Another source of confusion and erroneous interpretation of processing factors is a non-standardized designation of processed fractions. In the evaluated studies, more than 800 differently named processed fractions were registered. For benefits of consistency, it was deemed prudent to combine the more or less identical (but differently named) products/fractions into 175 consolidated terms for processed matrices. This significantly improves the ability to retrieve the complete information from the database, but is also for ease of comparing results of studies using deviant terminologies. One experience gained in the project is that harmonisation and amplification of the current classification/denomination of processed matrices are highly desirable—preferably associated by a coding system for processing operations and processed fractions.

Some of the study reports suffer severely from the lack of information on important parameters, e.g. duration and temperature of heating steps, which would substantially facilitate the affiliation of the study outcome. In the absence of such information, judgement on the representativeness of the procedure is difficult and intercomparison with results from other studies is impeded. Similarly, products have been characterized sparsely and/or in a very general manner in some of the study reports, for example, whether the end product was double or triple concentrated tomato paste.

Another striking obstacle preventing the derivation of processing factors in some studies is that experiments employed a starting material (RAC) with residues below the LOQ of the analytical method. Even in case of an expected accumulation in processed fractions (Pf > 1) such studies are not suitable to provide processing factors in a quantitative manner, hence rendering the study results obsolete.

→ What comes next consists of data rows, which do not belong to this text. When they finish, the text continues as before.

(* Let $\pi=(\pi_n^{n+1}\colon(X_{n+1},f_{n+1})\to(X_n,f_n))_{n\ge1}$ be an inverse sequence of equivariant maps satisfying MLC(1), and suppose $(X_n,f_n)$ is a subshift of finite type for each $n\ge1$. Let $Y_n=CR(f_n)$, $g_n=f_n|_{Y_n}$, and $\tilde\pi_n^{n+1}=\pi_n^{n+1}|_{Y_{n+1}}\colon Y_{n+1}\to Y_n$. Then the inverse sequence $\tilde\pi=(\tilde\pi_n^{n+1}\colon(Y_{n+1},g_{n+1})\to(Y_n,g_n))_{n\ge1}$ satisfies MLC(1).
   Context: Equivariant means $\pi_n^{n+1}$ is continuous with $f_n\circ\pi_n^{n+1}=\pi_n^{n+1}\circ f_{n+1}$. For $m\ge n$, $\pi_n^m=\pi_n^{n+1}\circ\cdots\circ\pi_{m-1}^m$. An inverse sequence $(p_n\colon Z_{n+1}\to Z_n)$ satisfies MLC(1) if $p_n(Z_{n+1})=p_n(p_{n+1}(Z_{n+2}))$ for every $n$. A subshift of finite type is a system $(Z,\sigma|_Z)$ where $S$ is a finite discrete set, $\sigma\colon S^{\mathbb N}\to S^{\mathbb N}$, $\sigma((x_i)_{i\ge1})=(x_{i+1})_{i\ge1}$, is the shift on the product space, and there are $N>0$ and $F\subset S^{N+1}$ with $Z=\{x\in S^{\mathbb N}:(x_i,\dots,x_{i+N})\in F\ \forall i\ge1\}$. For a continuous map $g$ of a compact metric space $(Y,d)$, $CR(g)$ is the set of $y$ such that for every $\delta>0$ there is a finite sequence $y=y_0,y_1,\dots,y_k=y$, $k>0$, with $d(g(y_i),y_{i+1})\le\delta$ for all $i<k$. *)

From mathcomp Require Import all_boot.
Set Implicit Arguments. Unset Strict Implicit. Unset Printing Implicit Defensive.

(* One-sided sequences S^N, indexed from 0 (the paper indexes from 1). *)
Definition shift {S : Type} (x : nat -> S) : nat -> S := fun i => x i.+1.

(* x and y agree on the first k coordinates, i.e. d(x,y) <= 2^-k for the
   standard metric d(x,y) = 2^-(min{i | x i <> y i}) on S^N. *)
Definition agree {S : Type} (k : nat) (x y : nat -> S) : Prop :=
  forall i, i < k -> x i = y i.

Definition SFT (S : finType) (Z : (nat -> S) -> Prop) : Prop :=
  exists (N : nat) (F : pred (seq S)), 0 < N /\
    forall x, Z x <-> (forall i, F [seq x (i + j) | j <- iota 0 N.+1]).

(* p is continuous on Z (product topology of discrete spaces, i.e. w.r.t.
   the metric above). *)
Definition cont_on {S T : Type} (Z : (nat -> S) -> Prop)
  (p : (nat -> S) -> (nat -> T)) : Prop :=
  forall x, Z x -> forall k, exists m, forall y, Z y -> agree m x y ->
    agree k (p x) (p y).

(* Chain recurrent set CR(sigma|_Z): y \in Z such that for every delta > 0
   (delta = 2^-k) there is a delta-chain y = y_0, ..., y_m = y with m > 0
   in Z and d(sigma(y_i), y_{i+1}) <= delta. *)
Definition CR {S : Type} (Z : (nat -> S) -> Prop) (y : nat -> S) : Prop :=
  Z y /\ forall k, exists (m : nat) (c : nat -> (nat -> S)),
    [/\ 0 < m, c 0 = y, c m = y,
        (forall i, i <= m -> Z (c i)) &
        (forall i, i < m -> agree k (shift (c i)) (c i.+1))].

Definition img {A B : Type} (p : A -> B) (Z : A -> Prop) : B -> Prop :=
  fun b => exists a, Z a /\ p a = b.

Definition set_eq {A : Type} (P Q : A -> Prop) : Prop := forall a, P a <-> Q a.

Definition MLC1 (S : nat -> Type) (Z : forall n, (nat -> S n) -> Prop)
  (p : forall n, (nat -> S n.+1) -> (nat -> S n)) : Prop :=
  forall n, set_eq (img (p n) (Z n.+1)) (img (p n) (img (p n.+1) (Z n.+2))).

(* Chain recurrent points of a subshift of finite type are limits of periodic
   points, and continuous equivariant maps send periodic points to periodic
   points; as CR is closed, pi_{n+1} maps CR(f_{n+2}) into CR(f_{n+1}).
   Conversely, approximate y in CR(f_{n+1}) by a periodic point x of period m.
   By MLC(1), pi_n x = pi_n (pi_{n+1} w) for some w in X_{n+2}, and then every
   iterate sigma^{mj} w has the same image.  A cluster point of these iterates
   lies in the omega-limit set of w, hence in CR(f_{n+2}), and maps to pi_n x.
   Letting x tend to y and taking a cluster point once more yields a point of
   CR(f_{n+2}) mapping to pi_n y. *)
From Stdlib Require Import Classical ClassicalEpsilon FunctionalExtensionality.
From mathcomp Require Import all_boot.
Set Implicit Arguments. Unset Strict Implicit.

Definition shiftn {S : Type} (j : nat) (x : nat -> S) : nat -> S :=
  fun i => x (j + i).

Definition shift_invariant {S : Type} (Z : (nat -> S) -> Prop) : Prop :=
  forall x, Z x -> Z (shift x).

Definition equivariant_on {S T : Type} (Z : (nat -> S) -> Prop)
  (p : (nat -> S) -> (nat -> T)) : Prop :=
  forall x, Z x -> p (shift x) = shift (p x).

Definition infinitely_often (P : nat -> Prop) : Prop :=
  forall J, exists2 j, J <= j & P j.

Definition cluster_point {S : Type} (s : nat -> nat -> S) (z : nat -> S) : Prop :=
  forall K, infinitely_often (fun j => agree K (s j) z).

Section Agree.
Variables (S : Type) (k : nat).
Implicit Types x y z : nat -> S.

Lemma agree_sym x y : agree k x y -> agree k y x.
Proof. by move=> xy i ik; rewrite xy. Qed.

Lemma agree_trans x y z : agree k x y -> agree k y z -> agree k x z.
Proof. by move=> xy yz i ik; rewrite xy ?yz. Qed.

Lemma agree_leq k' x y : k' <= k -> agree k x y -> agree k' x y.
Proof. by move=> k'k xy i ik'; apply: xy; apply: leq_trans k'k. Qed.

Lemma agree_shift x y : agree k.+1 x y -> agree k (shift x) (shift y).
Proof. by move=> xy i ik; apply: xy. Qed.

End Agree.

Section Shifts.
Variable S : Type.
Implicit Types x : nat -> S.

Lemma shiftn0 x : shiftn 0 x = x.
Proof. by apply: functional_extensionality => i; rewrite /shiftn add0n. Qed.

Lemma shiftnS j x : shiftn j.+1 x = shift (shiftn j x).
Proof. by apply: functional_extensionality => i; rewrite /shiftn /shift addnS. Qed.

Finally, it is considered worthwhile to further explore possibilities of extrapolation of study results to similar commodities/processes. The Guidance Document on magnitude of pesticide residues in processed commodities (OECD 2008a) indicates that for commodities of the same commodity group undergoing the same processing procedure; the results obtained for one commodity can be extrapolated to the other similarly processed commodities within this group. These recommendations are basically confirmed by the studies recorded in the BfR database. For example, the results from processing oranges into orange juice may be extrapolated to other citrus fruits. Nevertheless, even this apparently strikingly clear rule should be cautiously applied with a closer scrutiny of the processed fraction. For example, rather divergent factors were found in juices originating from pome fruit, which on a closer look were due to different processing procedures yielding either clear or turbid juice.

With a view to the large number of processed products, an extension of the existing rules for extrapolation should be explored. However, any new extrapolation has to be based on at least a minimum number of side-by-side processing studies. In the past, processing studies were almost exclusively conducted on a very limited number of representative crops. This does not give leeway for substantiating new extrapolations to other RACs which are important in trade or make up a significant share of consumer group diets.

Likewise, it might be worthwhile to explore possibilities of processing factors being extrapolated from one substance to another, given that those are closely rated in terms of structure and/or physico-chemical properties.

8 Conclusion

Processing factors are valuable tools both for concluding on whether processed food or feed was produced in compliance with legal standards and for refining dietary exposure assessments. The revised BfR database offers a detailed compilation of such processing factors. Quality information on key parameters of the processing studies allows for rating of robustness and reliability of the results. Thus, the BfR database may be considered a milestone in providing a scientific background for establishing Annex VI to Regulation (EC) No 396/2005. To further develop the collected information towards a common instrument for regulatory decision making across the EU, a close cooperation is scheduled with partners of other European institutions. Furthermore, some recommendations concerning the set-up and interpretation of processing studies might find their way into existing international guidance.